Work required - Needed from the data below: every line from the one with "have eq_q1 : q.1" up to and including the one with "rewrite disj cards0", repeated exactly and with nothing else.

Extracted records:
········

(* Let $D$ be a non-commutative division ring and $R$ a maximal subring of $D$. Assume there exists a nonzero non-unit $a\in R$ with $aR=Ra$. Then: (1) $X=\{1,a,a^2,\ldots\}$ is a left and right Ore set in $R$, and $D=X^{-1}R=\{a^{-n}r: n\ge 0, r\in R\}$ and $D=RX^{-1}=\{ra^{-n}: n\ge 0, r\in R\}$; (2) every nonzero left ideal and every nonzero right ideal of $R$ contains a power of $a$; in particular $u.\dim({}_RR)=u.\dim(R_R)=1$ and $R$ is an Ore domain whose division ring of quotients is $D$; (3) every nonzero prime ideal of $R$ contains $a$; (4) $a\in J(R)$; (5) $R$ is a non-simple $G$-domain; (6) for every $\lambda\in N(R)$, either $\lambda\in R$ or $\lambda^{-1}\in R$.
   Context: All rings are associative unital and subrings share the identity. A maximal subring of a ring $T$ is a proper subring maximal under inclusion among proper subrings of $T$. $J(R)$ is the Jacobson radical, $u.\dim$ is uniform (Goldie) dimension. $N(R)=\{x\in D: xR=Rx\}$. A $G$-domain is a domain in which the intersection of all nonzero prime ideals is nonzero. *)

(* A division ring is a unitRingType in which every nonzero
   element is a unit; subsets of D (subrings, ideals of a subring) are Prop
   predicates D -> Prop. *)
From mathcomp Require Import all_boot all_algebra.
Set Implicit Arguments. Unset Strict Implicit. Unset Printing Implicit Defensive.
Import GRing.Theory.
Local Open Scope ring_scope.
(* Let $\mathcal{A}$ be a class of continuous nondecreasing functions $\mathbb{R}\to\mathbb{R}$ such that for every compact $K\subset\mathbb{R}$, every continuous nondecreasing $h:K\to\mathbb{R}$ and every $\eta>0$ there is $\alpha\in\mathcal{A}$ with $\sup_{x\in K}|h(x)-\alpha(x)|<\eta$. Let $F:[0,1]^d\to\mathbb{R}$ be of the form $F(\boldsymbol{x})=\sum_{i=1}^N\psi_i(\boldsymbol{a}_i^\top\boldsymbol{x}+b_i)$ with $\boldsymbol{a}_i\in\mathbb{R}^d$, $b_i\in\mathbb{R}$ and each $\psi_i\in C^1(\mathbb{R})$ convex. Then for every $\epsilon>0$ there exist $M\ge1$, $\boldsymbol{W}\in\mathbb{R}^{M\times d}$, $\boldsymbol{c}\in\mathbb{R}^M$, $\boldsymbol{b}\in\mathbb{R}^d$ and $\sigma_1,\dots,\sigma_M\in\mathcal{A}$ such that, with $\sigma(\boldsymbol{z})=(\sigma_1(z_1),\dots,\sigma_M(z_M))$, $$\sup_{\boldsymbol{x}\in[0,1]^d}\|\nabla F(\boldsymbol{x})-(\boldsymbol{W}^\top\sigma(\boldsymbol{W}\boldsymbol{x}+\boldsymbol{c})+\boldsymbol{b})\|<\epsilon,$$ and each such approximator is the gradient of a convex function on $\mathbb{R}^d$.
   Context: $C^1(\mathbb{R})$ denotes continuously differentiable real functions on $\mathbb{R}$. $\|\cdot\|$ is the Euclidean norm. *)

From HB Require Import structures.
From mathcomp Require Import all_boot all_order all_algebra.
From mathcomp Require Import all_classical all_reals all_analysis.
Set Implicit Arguments. Unset Strict Implicit. Unset Printing Implicit Defensive.
Import Order.TTheory GRing.Theory Num.Theory.
Import numFieldNormedType.Exports.
Local Open Scope classical_set_scope.
Local Open Scope ring_scope.

Definition convex_fun (R : realType) (V : lmodType R) (f : V -> R) : Prop :=
  forall (x y : V) (t : R), 0 <= t -> t <= 1 ->
    f (t *: x + (1 - t) *: y) <= t * f x + (1 - t) * f y.

Definition C1 (R : realType) (f : R -> R) : Prop :=
  (forall x : R, derivable f x 1) /\ continuous (derive1 f).

Definition enorm (R : realType) (d : nat) (v : 'cV[R]_d) : R :=
  Num.sqrt (\sum_(k < d) (v k ord0) ^+ 2).

Definition grad (R : realType) (d : nat) (f : 'cV[R]_d -> R) (x : 'cV[R]_d)
  : 'cV[R]_d :=
  \col_(i < d) ('D_(delta_mx i ord0) f x).

Definition unit_cube (R : realType) (d : nat) : set 'cV[R]_d :=
  [set x | forall k : 'I_d, 0 <= x k ord0 <= 1].

Definition dotv (R : realType) (d : nat) (a x : 'cV[R]_d) : R :=
  \sum_(k < d) a k ord0 * x k ord0.

Definition act (R : realType) (M : nat) (s : 'I_M -> R -> R) (z : 'cV[R]_M)
  : 'cV[R]_M := \col_(j < M) s j (z j ord0).

Definition net (R : realType) (d M : nat) (W : 'M[R]_(M, d)) (c : 'cV[R]_M)
  (b : 'cV[R]_d) (s : 'I_M -> R -> R) (x : 'cV[R]_d) : 'cV[R]_d :=
  W^T *m act s (W *m x + c) + b.

From HB Require Import structures.
From mathcomp Require Import all_boot all_order all_algebra.
From mathcomp Require Import all_classical all_reals all_analysis.
From mathcomp Require Import lra ring.
Import Order.TTheory GRing.Theory Num.Theory.
Import numFieldNormedType.Exports.
Local Open Scope classical_set_scope.
Local Open Scope ring_scope.

Set Implicit Arguments.
Unset Strict Implicit.
Unset Printing Implicit Defensive.

(* The gradient of [F] is the ridge field x |-> \sum_i psi_i'(a_i.x + b_i) a_i,
   and each psi_i' is continuous and nondecreasing since psi_i is convex and C^1.
   For x in the unit cube the arguments a_i.x + b_i stay in [-r_i, r_i] with
   r_i = \sum_k |a_ik| + |b_i|, so replacing psi_i' by an activation alpha_i that
   is eta-close to it there moves the field by at most (\sum_ik |a_ik|) eta.  The
   network with rows a_i, biases b_i and activations alpha_i, padded with one
   zero neuron so that M >= 1, computes exactly the new field.  Conversely, when
   every sigma_j is continuous and nondecreasing, W^T sigma(Wx + c) + b is the
   gradient of x |-> \sum_j Phi_j(w_j.x + c_j) + b.x, with Phi_j a primitive of
   sigma_j, and each Phi_j is convex because its derivative is nondecreasing. *)

Section DirectionalDerivatives.
Variables (R : realType) (V : normedModType R).
Lemma perm_swap_boxes_conj_part lam : is_partition lam ->
  perm_eq (map swap_pair (boxes (conj_part lam))) (boxes lam).
Proof.
move=> lam_part; have swap_inj := can_inj (@swap_pairK nat nat).
apply: uniq_perm; rewrite ?(map_inj_uniq swap_inj) ?uniq_boxes //.
move=> [a b]; rewrite -[(a, b)]/(swap_pair (b, a)) (mem_map swap_inj).
by rewrite !mem_boxes in_shape_conj_part.
Qed.

Theorem proposition2p7 (lam : seq nat) (t : nat -> nat -> nat) :
  is_partition lam ->
  forall i j : nat, in_shape (conj_part lam) i j ->
    toggle (conj_part lam) (transpose t) i j = transpose (toggle lam t) i j.
Proof.
(* The identity holds at every (i, j), inside the shape or not. *)
move=> lam_part i j _.
pose cols := map swap_pair (boxes (conj_part lam)).
have perm_cols : perm_eq cols (boxes lam) by exact: perm_swap_boxes_conj_part.
have ext_cols : linear_ext cols by rewrite linear_ext_swap linear_ext_boxes.
rewrite /toggle -(mapK swap_pairK (boxes (conj_part lam))) -/cols.
rewrite (foldl_toggle_transpose t cols state0).2.
exact: (foldl_toggle_perm t state0 perm_cols (uniq_boxes lam) ext_cols (linear_ext_boxes lam)).2.
Qed.
Lemma rsum_scal c f N : rsum (fun i => c * f i) N = c * rsum f N.
Proof. induction N as [|N IH]; simpl; [|rewrite IH]; ring. Qed.

Lemma rsum_le_length f m N : (forall i, 0 <= f i) -> (m <= N)%nat -> rsum f m <= rsum f N.
Proof.
  intros Hf Hm. induction Hm as [|N _ IH]; simpl; [lra|].
  specialize (Hf N). lra.
Qed.

Lemma rsum_telescope_le f G N :
  (forall i, (i < N)%nat -> f i <= G i - G (S i)) -> rsum f N <= G 0%nat - G N.
Proof.
  induction N as [|N IH]; simpl; intros H; [lra|].
  assert (f N <= G N - G (S N)) by (apply H; lia).
  assert (rsum f N <= G 0%nat - G N) by (apply IH; intros; apply H; lia).
  lra.
Qed.

Lemma rsum_telescope_ge f G s t N : (forall i, 0 <= f i) -> (s <= t <= N)%nat ->
  (forall i, (s <= i < t)%nat -> G i - G (S i) <= f i) -> G s - G t <= rsum f N.
Proof.
  intros Hf [Hst HtN] HG. apply Rle_trans with (rsum f t); [|apply rsum_le_length; auto].
  induction Hst as [|t Hst IH].
  { pose proof (rsum_nonneg f s (fun i _ => Hf i)). lra. }
  simpl. assert (G t - G (S t) <= f t) by (apply HG; lia).
  assert (G s - G t <= rsum f t) by (apply IH; [lia|intros; apply HG; lia]).
  lra.
Qed.

Lemma pow2_pos n : 0 < 2 ^ n.
Proof. apply pow_lt. lra. Qed.

Lemma inv_pow2_pos n : 0 < / 2 ^ n.
Proof. apply Rinv_0_lt_compat, pow2_pos. Qed.

Lemma inv_pow2_le1 n : / 2 ^ n <= 1.
Proof.
  rewrite <- Rinv_1. apply Rinv_le_contravar; [lra|]. apply pow_R1_Rle. lra.
Qed.

Lemma dy_0 n : dy n 0 = 0.
Proof. unfold dy. simpl. lra. Qed.

Lemma dy_S n i : dy n (S i) = dy n i + / 2 ^ n.
Proof. unfold dy. rewrite S_INR. lra. Qed.

Lemma dy_1 n : dy n 1 = / 2 ^ n.
Proof. rewrite dy_S, dy_0. ring. Qed.

Lemma dy_nonneg n i : 0 <= dy n i.
Proof. unfold dy. pose proof (pos_INR i). pose proof (inv_pow2_pos n). unfold Rdiv. nra. Qed.

Lemma dy_le n i j : (i <= j)%nat -> dy n i <= dy n j.
Proof.
  intros H. unfold dy, Rdiv. apply Rmult_le_compat_r; [left; apply inv_pow2_pos|].
  apply le_INR; auto.
Qed.
Lemma card_triple_codeg i j : 1 < n -> noncons i j ->
  #|[set k | (i \in triple w k) && (j \in triple w k)]| = codeg w i j.
Proof.
move=> n_gt1 /and3P[nij nSij nSji].
have ji : (j == i) = false by rewrite eq_sym (negbTE nij).
have ji_pred : (j == ord_pred i) = false by rewrite eq_ord_pred eq_sym (negbTE nSji).
have ij_pred : (i == ord_pred j) = false by rewrite eq_ord_pred eq_sym (negbTE nSij).
have s_uniq : uniq [:: ord_pred i; i; ord_pred j; j].
  rewrite /= !inE !negb_or (inj_eq (@ord_pred_inj n)) !ord_pred_neq // nij.
  by rewrite eq_sym ji_pred ij_pred.
rewrite (card_set_count s_uniq) /triple /=; last first.
  move=> k /andP[]; rewrite !inE => /orP[/orP[]|] /eqP Ei.
  - by rewrite Ei eqxx orbT.
  - by rewrite Ei ordSK eqxx.
  case/orP => [/orP[]|] /eqP Ej.
  - by rewrite Ej eqxx !orbT.
  - by rewrite Ej ordSK eqxx !orbT.
  by rewrite Ei Ej eqxx in nij.
rewrite !inE !ord_predK !eqxx ji ji_pred ij_pred (negbTE nij) (negbTE nSij) (negbTE nSji) /=.
by rewrite /codeg !val_eqE !addnA addn0 ![_ == w _]eq_sym !orbT /= !andbT.
Qed.

Lemma codeg_le4 i j : codeg w i j <= 4.
Proof. by rewrite /codeg; do 4 case: (_ == _ :> nat). Qed.

Lemma codeg_eq4 i j : codeg w i j = 4 ->
  [/\ w (ord_pred i) = j, w i = j, w (ord_pred j) = i & w j = i].
Proof. by rewrite /codeg !val_eqE; do 4 case: eqP. Qed.

Lemma card_codeg_eq4 : 1 < n ->
  4 * #|[set p in ncpairs n | codeg w p.1 p.2 == 4]| <= n.
Proof.
move=> n_gt1; set P := [set p in ncpairs n | _].
have fullP p : p \in P -> [/\ p.1 < p.2, w (ord_pred p.1) = p.2, w p.1 = p.2,
                             w (ord_pred p.2) = p.1 & w p.2 = p.1].
  by rewrite !inE => /andP[/andP[lt12 _] /eqP/codeg_eq4[]].
pose X := [set x | (w (w x) == x) && (w (ord_pred x) == w x)].
have X_sparse : {in X, forall x, ordS x \notin X}.
  move=> x; rewrite !inE ordSK => /andP[/eqP wwx _].
  apply/negP => /andP[/eqP wwSx /eqP wSx].
  by move/eqP: (ordS_neq x n_gt1); rewrite -wwSx -wSx wwx.
have card_fst : #|[set p.1 | p in P]| = #|P|.
  apply: card_in_imset => -[p1 p2] [q1 q2] /fullP[/= _ _ wp _ _] /fullP[/= _ _ wq _ _] /= eq1.
  by rewrite -wp -wq eq1.
have card_snd : #|[set p.2 | p in P]| = #|P|.
  apply: card_in_imset => -[p1 p2] [q1 q2] /fullP[/= _ _ _ _ wp] /fullP[/= _ _ _ _ wq] /= eq2.
  by rewrite -wp -wq eq2.
have disj : [set p.1 | p in P] :&: [set p.2 | p in P] = set0.
  apply/setP => y; rewrite !inE; apply/negbTE/negP.
  case/andP => /imsetP[p pP ->] /imsetP[q qP eq_pq].
  have [lt_p _ wp1 _ _] := fullP p pP; have [lt_q _ _ _ wq2] := fullP q qP.
  have eq_q1 : q.1 = p.2 by rewrite -wq2 -eq_pq wp1.
  by move: lt_p; rewrite eq_pq -eq_q1 => /(ltn_trans lt_q); rewrite ltnn.
have sub : [set p.1 | p in P] :|: [set p.2 | p in P] \subset X.
  apply/subsetP => y; rewrite !inE => /orP[] /imsetP[p /fullP[_ wp1 wp2 wq1 wq2] ->].
  - by rewrite wp2 wq2 wp1 !eqxx.
  - by rewrite wq2 wp2 wq1 !eqxx.
have := double_card_sparse X_sparse; have := subset_leq_card sub.
have := cardsUI [set p.1 | p in P] [set p.2 | p in P].
rewrite disj cards0 addn0 card_fst card_snd => -> le_PX le_Xn.
by apply: leq_trans le_Xn; rewrite -addnn -[4]/(2 + 2) mulnDl mul2n -addnn leq_add.
Qed.

End Codegree.

Section HamiltonianCycle.
Variables (V : finType) (n : nat) (A : {set harc V}).
Variables (v : 'I_n -> V) (b : 'I_n -> harc V).
Hypotheses (n_gt1 : 1 < n) (tourA : tournament3 A) (cycleA : ham_cycle A v b).

Lemma exists_third_vertex k : exists x, hverts (b k) = v @: [set k; ordS k; x].
Proof.
have [cardV vinj _ bA vprec] := cycleA.
have /andP[vk vSk] := hprec_hverts (vprec k).
have vSk_neq : v (ordS k) != v k by rewrite (inj_eq vinj) ordS_neq.
have : #|hverts (b k) :\ v k :\ v (ordS k)| == 1.
  move: (card_hverts (tourA.1 _ (bA k))).
  by rewrite (cardsD1 (v k)) vk (cardsD1 (v (ordS k))) in_setD1 vSk_neq vSk !add1n => -[->].
case/cards1P => y def_y.
have /codomP[x eq_y] : y \in codom v by apply: inj_card_onto; rewrite // card_ord cardV.
exists x; by rewrite !imsetU !imset_set1 -setUA -eq_y -def_y !setD1K // in_setD1 vSk_neq vSk.
Qed.

Lemma ham_cycle_triples : exists w, forall k, hverts (b k) = v @: triple w k.
Proof. exact: fin_all_exists exists_third_vertex. Qed.

Variable w : 'I_n -> 'I_n.
Hypothesis hw : forall k, hverts (b k) = v @: triple w k.

Lemma ham_cycle_proper_triples : proper_triples w.
Proof.
have [_ vinj binj bA _] := cycleA.
apply/allP => k _; cbv beta; rewrite !val_eqE.
have : uniq [:: k; ordS k; w k].
  by rewrite -cards3_eq3 -(card_imset _ vinj) -hw card_hverts // tourA.1.
rewrite /= !inE !negb_or andbT => /andP[/andP[_ kw] Skw].
rewrite eq_sym kw eq_sym Skw; apply/negP => /andP[/eqP wSk /eqP wSSk].
have eq_triple : triple w k = triple w (ordS k).
  by apply/setP => x; rewrite !inE wSk wSSk -orbA orbC.
have /binj eq_Sk : b (ordS k) = b k.
  by apply: (tournament3_hverts_inj tourA); rewrite ?bA // !hw eq_triple.
by move: (ordS_neq k n_gt1); rewrite eq_Sk eqxx.
Qed.

Lemma pcount_codeg i j : noncons i j -> pcount v b i j = codeg w i j.
Proof.
have [_ vinj _ _ _] := cycleA.
move=> nij; rewrite -card_triple_codeg // /pcount.
by under eq_finset => k do rewrite !hw !(mem_imset _ _ vinj).
Qed.

Lemma ncpairs_pcount : {in ncpairs n, forall p, pcount v b p.1 p.2 = codeg w p.1 p.2}.
Proof. by move=> p; rewrite inE => /andP[_ /pcount_codeg]. Qed.

Lemma ncpairs_pcount_codeg (P : pred nat) :
  [set p in ncpairs n | P (pcount v b p.1 p.2)] = [set p in ncpairs n | P (codeg w p.1 p.2)].
Proof.
apply: eq_finset => p.
by case: (boolP (p \in ncpairs n)) => // pP; rewrite (ncpairs_pcount pP).
Qed.

End HamiltonianCycle.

········

Task result -
  have eq_q1 : q.1 = p.2 by rewrite -wq2 -eq_pq wp1.
  by move: lt_p; rewrite eq_pq -eq_q1 => /(ltn_trans lt_q); rewrite ltnn.
have sub : [set p.1 | p in P] :|: [set p.2 | p in P] \subset X.
  apply/subsetP => y; rewrite !inE => /orP[] /imsetP[p /fullP[_ wp1 wp2 wq1 wq2] ->].
  - by rewrite wp2 wq2 wp1 !eqxx.
  - by rewrite wq2 wp2 wq1 !eqxx.
have := double_card_sparse X_sparse; have := subset_leq_card sub.
have := cardsUI [set p.1 | p in P] [set p.2 | p in P].
rewrite disj cards0 addn0 card_fst card_snd => -> le_PX le_Xn.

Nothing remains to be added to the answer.